Io continuo a credere che una delle maniere migliori per stuzzicare genio e creatività sia l’urgenza di uscire dalla propria zona d’agio. Successe così a Steve Vai quando registrò il primo disco con David Lee Roth e alla cabina di regia sedeva Ted Templeman, volpone che aveva prodotto tutti i dischi dei Van Halen. Nessuno dei due, cantante e produttore,  era interessato alle elucubrazioni intellettuali che il giovane Steve Vai aveva mutuato da Frank Zappa. David Lee Roth aveva abbandonato i Van Halen all'apice del successo e ora, da solista, voleva un disco rock per scalare le classifiche con assolo come fuochi d’artificio, capaci di riempire la bocca di sabbia a chi era pronto a dire che nessuno avrebbe potuto fare meglio di Eddie Van Halen al fianco di Lee Roth. Templeman e Lee Roth dalla chitarra di Steve Vai non vogliono preziosismi da giovane scienziato del pentagramma ma fuoco e fiamme.Steve Vai li accontenta e fa esplodere la sua guitar extravaganza in maniera accecante con assolo irriverenti, dissoluti e impossibili. In questo disco Vai suona più pentatonica di quanta ne toccherà poi in tutta la sua discografia (successiva e precedente) ma nemmeno sfiora i soliti cliché rock blues. È alieno nella scelta delle note, nella divisione ritmica, nel piglio melodico visionario ed è perverso e fantasioso come un serial killer nell’utilizzo della leva del vibrato. L’assolo di “Big Trouble” fa piangere per quanto è ispirato ed assieme elegante, lieve ma zeppo di ferocia e tecnica.

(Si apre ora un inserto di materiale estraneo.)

Lemma normalizes_self g H : H g -> normalizes n g H.
Proof.
  intros Hg s Hs. pose proof (gen_base n H g Hg) as G. pose proof (gen_base n H s Hs) as S.
  split; repeat apply gen_app; auto; now apply gen_winv.
Qed.

Lemma normalizes_commuting g h : beq n (g ++ h) (h ++ g) -> normalizes n g (fun s => In s [h]).
Proof.
  intros E s [<- | []]. split; apply (gen_beq n _ _ h); try (apply gen_base; now left).
  - rewrite <- E, app_assoc, cancel_winv_l. reflexivity.
  - rewrite app_assoc, E, <- app_assoc, cancel_winv_r, app_nil_r. reflexivity.
Qed.

End Normalizers.

Ltac in_list := simpl; repeat first [left; reflexivity | right].

Ltac gen_letters :=
  lazymatch goal with
  | |- in_gen _ _ [] => apply gen_nil
  | |- in_gen _ _ (_ :: _) =>
      apply gen_cons; [try apply gen_pinv; apply gen_base; in_list | gen_letters]
  end.

Ltac by_identity E := eapply gen_beq; [exact E | gen_letters].

(* Identities between concrete words are certified by a reflexive check: the
   indexed letter [(k, s)] stands for the [k]-th generator to the power [s], and
   [lhs = rhs] holds in [P_n] as soon as [lhs rhs^-1] and a product of conjugates
   [c r^(+-1) c^-1] of known identities [r = (u, v)], read as relators [u v^-1],
   have the same free reduction. *)
Definition aletter := (nat * bool)%type.
Definition aword := list aletter.

Definition ainv (w : aword) : aword := rev (map (fun x : aletter => (fst x, negb (snd x))) w).

Definition reduce_push (st : aword) (x : aletter) : aword :=
  match st with
  | y :: st' => if (fst x =? fst y) && xorb (snd x) (snd y) then st' else x :: st
  | [] => [x]
  end.

Definition free_reduce (w : aword) : aword := rev (fold_left reduce_push w []).

Definition interp (env : nat -> letter) (w : aword) : word :=
  map (fun x : aletter => if snd x then env (fst x) else linv (env (fst x))) w.

Definition relator (rels : list (aword * aword)) (k : nat) : aword :=
  let uv := nth k rels ([], []) in fst uv ++ ainv (snd uv).

Definition relator_product (rels : list (aword * aword)) (cert : list (aword * nat * bool))
  : aword :=
  flat_map (fun '((c, k, s) : aword * nat * bool) =>
              c ++ (if s then relator rels k else ainv (relator rels k)) ++ ainv c) cert.

Section Certificates.
Variable n : nat.
Variable env : nat -> letter.

Lemma interp_app u v : interp env (u ++ v) = interp env u ++ interp env v.
Proof. apply map_app. Qed.

Lemma interp_ainv u : interp env (ainv u) = winv (interp env u).
Proof.
  unfold interp, ainv, winv. rewrite map_rev, !map_map. f_equal.
  apply map_ext. intros [k []]; simpl; auto. now rewrite linv_involutive.
Qed.

Lemma reduce_push_beq st x :
  beq n (interp env (rev st ++ [x])) (interp env (rev (reduce_push st x))).
Proof.
  destruct st as [|y st]; [reflexivity|]. destruct x as [k s], y as [k' s']; simpl.
  destruct (Nat.eqb_spec k k'); simpl; [subst | reflexivity].
  destruct s, s'; simpl; try reflexivity;
    rewrite <- app_assoc, interp_app; simpl;
    rewrite <- (app_nil_r (interp env (rev st))) at 2.
  - pose proof (beq_free n (interp env (rev st)) [] (linv (env k'))) as E.
    now rewrite linv_involutive in E.
  - apply beq_free.
Qed.

Lemma free_reduce_beq w : beq n (interp env w) (interp env (free_reduce w)).
Proof.
  enough (E : forall st, beq n (interp env (rev st ++ w))
                              (interp env (rev (fold_left reduce_push w st)))) by apply (E []).
  induction w as [|x w IH]; intro st; simpl.
  - now rewrite app_nil_r.
  - rewrite <- IH. change (x :: w) with ([x] ++ w).
    rewrite app_assoc, (interp_app (rev st ++ [x])), (interp_app (rev (reduce_push st x))).
    now rewrite reduce_push_beq.
Qed.

Definition holds (rels : list (aword * aword)) : Prop :=
  Forall (fun uv => beq n (interp env (fst uv)) (interp env (snd uv))) rels.

Lemma relator_trivial rels k : holds rels -> beq n (interp env (relator rels k)) [].
Proof.
  intro H. unfold relator. destruct (nth_in_or_default k rels ([], [])) as [Hi | ->].
  - unfold holds in H. rewrite Forall_forall in H.
    rewrite interp_app, interp_ainv, (H _ Hi). apply cancel_winv_r.
  - reflexivity.
Qed.

Lemma relator_product_trivial rels cert :
  holds rels -> beq n (interp env (relator_product rels cert)) [].
Proof.
  intro H. induction cert as [|[[c k] s] cert IH]; [reflexivity|]. simpl.
  rewrite !interp_app, IH, app_nil_r, interp_ainv.
  assert (Er : beq n (interp env (if s then relator rels k else ainv (relator rels k))) []).
  { destruct s; rewrite ?interp_ainv, relator_trivial; auto; reflexivity. }
  rewrite Er. apply cancel_winv_r.
Qed.

Lemma certificate_sound rels lhs rhs cert : holds rels ->
  free_reduce (lhs ++ ainv rhs) = free_reduce (relator_product rels cert) ->
  beq n (interp env lhs) (interp env rhs).
Proof.
  intros H E.
  assert (Triv : beq n (interp env (lhs ++ ainv rhs)) []).
  { rewrite free_reduce_beq, E, <- free_reduce_beq. now apply relator_product_trivial. }
  rewrite interp_app, interp_ainv in Triv.
  transitivity (interp env lhs ++ winv (interp env rhs) ++ interp env rhs).
  - rewrite cancel_winv_l, app_nil_r. reflexivity.
  - rewrite app_assoc, Triv. reflexivity.
Qed.

End Certificates.

Ltac index_of x l :=
  lazymatch l with
  | x :: _ => constr:(0)
  | _ :: ?t => let i := index_of x t in constr:(S i)
  end.

Ltac reify gens w :=
  lazymatch w with
  | [] => constr:(@nil aletter)
  | p ?a ?b :: ?t =>
      let i := index_of (p a b) gens in let t' := reify gens t in constr:((i, true) :: t')
  | pinv ?a ?b :: ?t =>
      let i := index_of (p a b) gens in let t' := reify gens t in constr:((i, false) :: t')
  end.

(* [facts] is a right-nested tuple [(f1, (f2, ..., tt))] of proofs of [beq] identities. *)
Ltac reify_facts gens facts :=
  lazymatch facts with
  | tt => constr:(@nil (aword * aword))
  | (?f, ?fs) =>
      lazymatch type of f with
      | beq _ ?u ?v =>
          let u' := reify gens u in let v' := reify gens v in
          let rs := reify_facts gens fs in constr:((u', v') :: rs)
      end
  end.

Ltac prove_holds facts :=
  lazymatch facts with
  | tt => apply Forall_nil
  | (?f, ?fs) => apply Forall_cons; [exact f | prove_holds fs]
  end.

Ltac certify gens facts cert :=
  lazymatch goal with
  | |- beq ?n ?lhs ?rhs =>
      let l := reify gens lhs in let r := reify gens rhs in
      let rels := reify_facts gens facts in
      refine (certificate_sound n (fun k => nth k gens (p 0 0)) rels l r cert _ _);
      [unfold holds; prove_holds facts | vm_compute; reflexivity]
  end.

Section ThreeStrands.
Variables n u v w : nat.
Hypotheses (Hu : 1 <= u) (Huv : u < v) (Hvw : v < w) (Hw : w <= n).

Let relA1_uvw : beq n [p u v; p u w; p v w] [p u w; p v w; p u v].
Proof. now apply braid_rel_beq, relA1. Qed.

Let relA2_uvw : beq n [p u w; p v w; p u v] [p v w; p u v; p u w].
Proof. now apply braid_rel_beq, relA2. Qed.

Ltac certify3 cert := certify [p u v; p u w; p v w] (relA1_uvw, (relA2_uvw, tt)) cert.

Lemma p13_conj_p12 : beq n [pinv u v; p u w; p u v] [p u w; p v w; p u w; pinv v w; pinv u w].
Proof.
  certify3 [([(0,false);(1,true)],0,true); ([(0,false)],0,false);
            ([(1,true);(2,true);(0,false);(2,false)],1,true)].
Qed.

Lemma p23_conj_p12 : beq n [pinv u v; p v w; p u v] [p u w; p v w; pinv u w].
Proof.
  certify3 [([(0,false);(2,true);(0,true);(1,true);(0,false);(2,false);(1,false)],0,false);
            ([(0,false)],1,false)].
Qed.

Lemma p13_conj_p12V : beq n [p u v; p u w; pinv u v] [pinv v w; p u w; p v w].
Proof. certify3 [([(0,true);(1,true);(0,false);(2,false);(1,false)],1,false)]. Qed.

Lemma p23_conj_p12V : beq n [p u v; p v w; pinv u v] [pinv v w; pinv u w; p v w; p u w; p v w].
Proof.
  certify3 [([(0,true);(1,false);(0,false)],0,true);
            ([(0,true);(1,false);(0,false);(2,false)],1,true)].
Qed.

Lemma p12_conj_p23 : beq n [pinv v w; p u v; p v w] [p u v; p u w; p u v; pinv u w; pinv u v].
Proof.
  certify3 [([(2,false)],0,true); ([(2,false)],1,true);
            ([(0,true);(1,true);(2,false);(1,false)],1,false)].
Qed.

Nessuno ha mai più strapazzato il ponte di una chitarra con tanta sensualità e perizia.
Non mi sono mai lanciato con il paracadute. Ma ho sempre pensato che quella fuga inafferrabile in tapping nella coda dell'assolo, sia quello che si prova quando si precipita nel nulla, gli istanti prima che il paracadute si apra.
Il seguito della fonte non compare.